Read The Memory of Love Online
Authors: Aminatta Forna
He presses a beer can against his forehead, feels the cool seep through his body. Six o’clock. The day is over.
CHAPTER 19
‘What’s the time, please?’
Elias Cole was asleep when Adrian arrived, his eyelids fractionally open. For once his breathing was inaudible, causing a momentary hesitation in Adrian accompanied by a double beat of his heart. Of death, he had no experience, except that of his own father. Pneumonia, the official version. It had been a slow death, an awkward lingering. Adrian knew enough to know how these matters were generally handled. A dose of penicillin withheld, the gentle, cold kiss of the morphine needle. By the time Adrian arrived the bed sheets had already been changed. All the time his father was in the home, Adrian chided himself for not visiting more often. Not for his father, who barely recognised him. Or for his mother, who believed, or maintained, that Adrian’s job was extremely demanding. But for himself. He knew he’d regret it. He chided himself. He’d done it anyway.
Adrian walks to the window and draws the curtain against the sunlight.
‘It’s two o’clock.’
He helps the old man to a glass of water. From elsewhere the sound of the expatriate medical staff singing ‘Happy Birthday’ to a German colleague. Minutes before Adrian had stood with them in the staff room, sipping vinegary, dusty wine. He’d slipped away before the cutting of the cake.
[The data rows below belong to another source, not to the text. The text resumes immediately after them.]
(* The values of g(y_j) only involve the y_m with D_m = D_j, and admissibility
   lets the D_m-part of s be recovered from the D_j-part of g(s) through
   x = g(g^-1(x)). *)
Lemma eval_gy_args s s' j : args (gs s) j = args (gs s') j ->
  eval (induced s u) (g (FVar (YV j))) = eval (induced s' u) (g (FVar (YV j))).
Proof.
move/args_eq=> E; have [_ gYj _] := sc j j; case: (HG) => /(_ g Gg) adm _ _ _.
have [_ geval _ _ gdep] := adm.
apply: eval_agree => -[x|m] /[dup] occ /gYj //= Dmj; congr (u m _); apply/args_eq => x xDm.
have hx : inBF (Xset (D j)) (h (FVar (XV x))) by apply: (gdep j x) => //; exists m.
have recover s1 : s1 x = eval (fun_asg g (extX s1)) (h (FVar (XV x))).
  by rewrite -geval hK.
by rewrite !recover; apply: (eval_inBF hx) => -[y /E|].
Qed.

Lemma eval_gy_agree0 s j : agree0 s -> ~~ (D i \subset D j) || (j < i)%N ->
  eval (induced s u) (g (FVar (YV j))) = u j (args (gs s) j).
Proof.
move=> Ss Dij_or_lt; have [Dji|nDji] := boolP (D j \subset D i).
  have ji : (j < i)%N.
    by case/orP: Dij_or_lt => // nDij; apply: Htop; rewrite properE Dji.
  rewrite (@eval_gy_args _ s0); last by rewrite !args_gs_sub ?agree0_s0.
  by rewrite -fix_lt // args_gs_sub.
have nDij : ~~ (D i \subset D j).
  apply: contraTN Dij_or_lt => Dij; rewrite Dij -leqNgt ltnW //.
  by apply: Htop; rewrite properE Dij.
have gyi_moved : g (FVar (YV i)) <> FVar (YV i).
  by move=> E; move: gyi_false yi_true; rewrite E /= => ->.
have [_ _ incomparable] := sc i j.
have [-> gfix] := incomparable (negP nDij) (negP nDji) gyi_moved.
congr (u j _); apply/args_eq => x xDj; have [xDi|nxDi] := boolP (x \in D i).
- by move/agree0P: (Ss) => ->; [move/agree0_gs/agree0P: Ss => ->|].
- by rewrite /fun_asgX gfix // inE nxDi.
Qed.

Definition preimage_gs j (tau : {ffun 'I_#|D j| -> bool}) (s : {ffun 'I_n -> bool}) :=
  agree0 s && (args (gs s) j == tau).

Definition repair : interp := [ffun j => [ffun tau =>
  if [pick s | preimage_gs tau s] is Some s
  then eval (induced s u) (g (FVar (YV j))) else u j tau]].

Lemma repairE j tau : repair j tau =
  if [pick s | preimage_gs tau s] is Some s
  then eval (induced s u) (g (FVar (YV j))) else u j tau.
Proof. by rewrite !ffunE. Qed.

Lemma preimage_gs_nonempty s j :
  agree0 s -> ~ preimage_gs (args (gs s) j) =1 xpred0.
Proof.
move=> Ss /(_ [ffun x => s x]); rewrite /preimage_gs.
have fE : [ffun x => s x] =1 s by move=> x; rewrite ffunE.
by rewrite (agree0_ext fE) (args_ext j (fun_asgX_ext g fE)) Ss eqxx.
Qed.

Lemma repair_agree0 s j :
  agree0 s -> repair j (args (gs s) j) = eval (induced s u) (g (FVar (YV j))).
Proof.
move=> Ss; rewrite repairE; case: pickP => [s' /andP [_ /eqP]|/preimage_gs_nonempty] //.
exact: eval_gy_args.
Qed.

Lemma repair_not_agree0 s j : ~~ agree0 s -> repair j (args s j) = u j (args s j).
Proof.
move=> nSs; rewrite repairE; case: pickP => // s' /andP [Ss' /eqP E].
rewrite eval_gy_agree0 ?E //; apply/orP; left; apply: contra nSs => Dij.
apply/agree0P => x xDi; move/args_eq: E => <-; last exact: subsetP xDi.
by move/agree0_gs/agree0P: Ss' => ->.
Qed.

Lemma repair_lt (j : 'I_k) : (j < i)%N -> repair j = u j.
Proof.
move=> ji; apply/ffunP => tau; rewrite repairE; case: pickP => // s /andP [Ss /eqP <-].
by rewrite eval_gy_agree0 // ji orbT.
Qed.

Lemma gyi_agree0 s : agree0 s -> eval (induced s u) (g (FVar (YV i))) = false.
Proof.
by move=> Ss; rewrite -gyi_false; apply: eval_gy_args; rewrite !args_gs_sub ?agree0_s0.
Qed.

Lemma repair_i_proper : [set tau | repair i tau] \proper [set tau | u i tau].
Proof.
apply/properP; split.
- apply/subsetP => tau; rewrite !inE repairE.
  by case: pickP => // s /andP [Ss _]; rewrite gyi_agree0.
- exists (args s0 i); rewrite !inE // -(args_gs_sub agree0_s0) //.
  by rewrite repair_agree0 ?agree0_s0 ?gyi_agree0 ?agree0_s0.
Qed.

(* g acts injectively on the finitely many assignments agreeing with s0 on
   D_i and maps them into themselves, hence onto them. *)
Lemma agree0_hs s : agree0 s -> agree0 (fun_asgX h s).
Proof.
pose S := [set s : {ffun 'I_n -> bool} | agree0 s].
pose gsf (s : {ffun 'I_n -> bool}) : {ffun 'I_n -> bool} := [ffun x => gs s x].
have gsfE (s1 : {ffun 'I_n -> bool}) : gsf s1 =1 gs s1 by move=> x; rewrite ffunE.
have hgs s1 : fun_asgX h (gs s1) =1 s1.
  by move=> x; rewrite -fun_asgX_comp // /fun_asgX /= hK.
have gsf_inj : injective gsf.
  move=> s1 s2 E; apply/ffunP => x; rewrite -hgs -[s2 x]hgs.
  by apply: fun_asgX_ext => y; rewrite -!gsfE E.
have gsfS : gsf @: S \subset S.
  apply/subsetP => _ /imsetP [s1 + ->]; rewrite !inE (agree0_ext (gsfE s1)).
  exact: agree0_gs.
have gsf_onto : gsf @: S = S.
  by apply/eqP; rewrite eqEcard gsfS (card_imset _ gsf_inj) leqnn.
move=> Ss; have : [ffun x => s x] \in gsf @: S by rewrite gsf_onto inE (agree0_ext (ffunE _)).
case/imsetP => s1; rewrite inE => Ss1 E.
have s_gs : s =1 gs s1 by move=> x; rewrite -gsfE -E ffunE.
by rewrite (agree0_ext (fun_asgX_ext h s_gs)) (agree0_ext (hgs s1)).
Qed.

Lemma repair_gs s :
  agree0 s -> forall v, induced (gs s) repair v = fun_asg g (induced s u) v.
Proof.
by move=> Ss [x|j]; rewrite ?induced_YV ?repair_agree0 // /= (fun_asgX_induced _ u _ Gg).
Qed.

Lemma syn_rel_repair : syn_rel u repair.
Proof.
move=> s; have [Ss|nSs] := boolP (agree0 s); first by exists g; split; [|exact: repair_gs].
exists id; split=> [|[x|j]] //; first by case: HG.
by rewrite induced_YV (args_ext j (fun_asgX_id s)) repair_not_agree0.
Qed.

Lemma syn_rel_unrepair : syn_rel repair u.
Proof.
move=> s; have [Ss|nSs] := boolP (agree0 s).
- exists h; split=> // v; set s1 := fun_asgX h s.
  have gs1 : gs s1 =1 s by move=> x; rewrite -fun_asgX_comp // /fun_asgX /= gK.
  rewrite /fun_asg -(eval_ext _ (induced_ext repair gs1)).
  by rewrite (eval_ext _ (repair_gs (agree0_hs Ss))) -Gsyn_eval // hK.
- exists id; split=> [|[x|j]] //; first by case: HG.
  by rewrite induced_YV (args_ext j (fun_asgX_id s)) -repair_not_agree0.
Qed.

Lemma repair_descends :
  [/\ syn_rel u repair, syn_rel repair u & lex_measure repair < lex_measure u].
Proof.
split; [exact: syn_rel_repair|exact: syn_rel_unrepair|].
by apply: (lex_measure_lt (i := i)); [exact: repair_lt|exact: repair_i_proper].
Qed.

End Repair.
End Interpretations.

Section Descent.
Variables (n k : nat) (D : 'I_k -> {set 'I_n}).
Variable Gsyn : (form n k -> form n k) -> Prop.
Hypothesis HG : admissible_group D Gsyn.
Hypothesis Htop : topsorted D.
Variable G : seq (form n k -> form n k).
Hypothesis GGsyn : forall g, List.In g G -> Gsyn g.
Hypothesis Gsc : forall g, List.In g G -> side_conditions D g.

Lemma exists_related_psi_model (t : interp D) :
  exists w, [/\ syn_rel Gsyn t w, syn_rel Gsyn w t & dqbf_val (psi_of D G) w].
Proof.
have [m] := ubnP (lex_measure t); elim: m t => // m IH t /ltnSE le_m.
have [psi_t|] := classic (dqbf_val (psi_of D G) t).
  by exists t; split=> //; apply: syn_rel_refl.
case/not_all_ex_not => s0 /negP /negbTE /psi_of_false [g [i [Gg HX HY yi gyi]]].
have Gsyn_g := GGsyn Gg; have [_ _ _ /(_ g Gsyn_g) [h [Gh gK hK]]] := HG.
have [R R' lt_t] := repair_descends HG Htop Gsyn_g Gh gK hK (Gsc Gg) HX HY yi gyi.
have [w [Rw Rw' Pw]] := IH _ (leq_trans lt_t le_m).
by exists w; split=> //; [exact: syn_rel_trans R Rw|exact: syn_rel_trans Rw' R'].
Qed.

End Descent.

Theorem theorem2 (n k : nat) (D : 'I_k -> {set 'I_n})
  (Gsyn : (form n k -> form n k) -> Prop) (G : seq (form n k -> form n k)) :
  topsorted D ->
  admissible_group D Gsyn ->
  (forall g, List.In g G -> Gsyn g) ->
  (forall g, List.In g G -> side_conditions D g) ->
  @conj_symmetry_breaker n k D (sem_group Gsyn) (psi_of D G).
Proof.
move=> Htop HG GGsyn Gsc t.
have [w [Rtw Rwt Pw]] := exists_related_psi_model HG Htop GGsyn Gsc t.
by exists (tperm t w); split; [exact: sem_group_tperm | rewrite tpermL].
Qed.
Adrian sits, the other man’s eyes upon him. ‘You told me people often wondered what Julius saw in you.’
‘Yes.’
‘And that you yourself often wondered the same thing.’
‘I have no illusions.’
‘But what did you see in him, in Julius?’
‘I saw Saffia. Nothing but Saffia.’
*
20 July 1969. The Sea of Tranquillity.
It was all done for the Americans, of course. So they could take the afternoon off and watch at home with beer and barbecues. It was, after all, their money, their president, their rocket, their show. They were the winners. The rest of the world could but watch. The American Embassy on my way to the Ocean Club was alive with light and noise, dignitaries arriving by the score. The Soviet Embassy by contrast was closed and dark, a house of mourning. Winner takes all. The Soviets had even lost the loyalty of an insignificant state such as ours. Our Prime Minister – or was that the year he made himself President? Our President was at that moment rubbing shoulders with the Americans, basking in their glory, despite years of Soviet munificence.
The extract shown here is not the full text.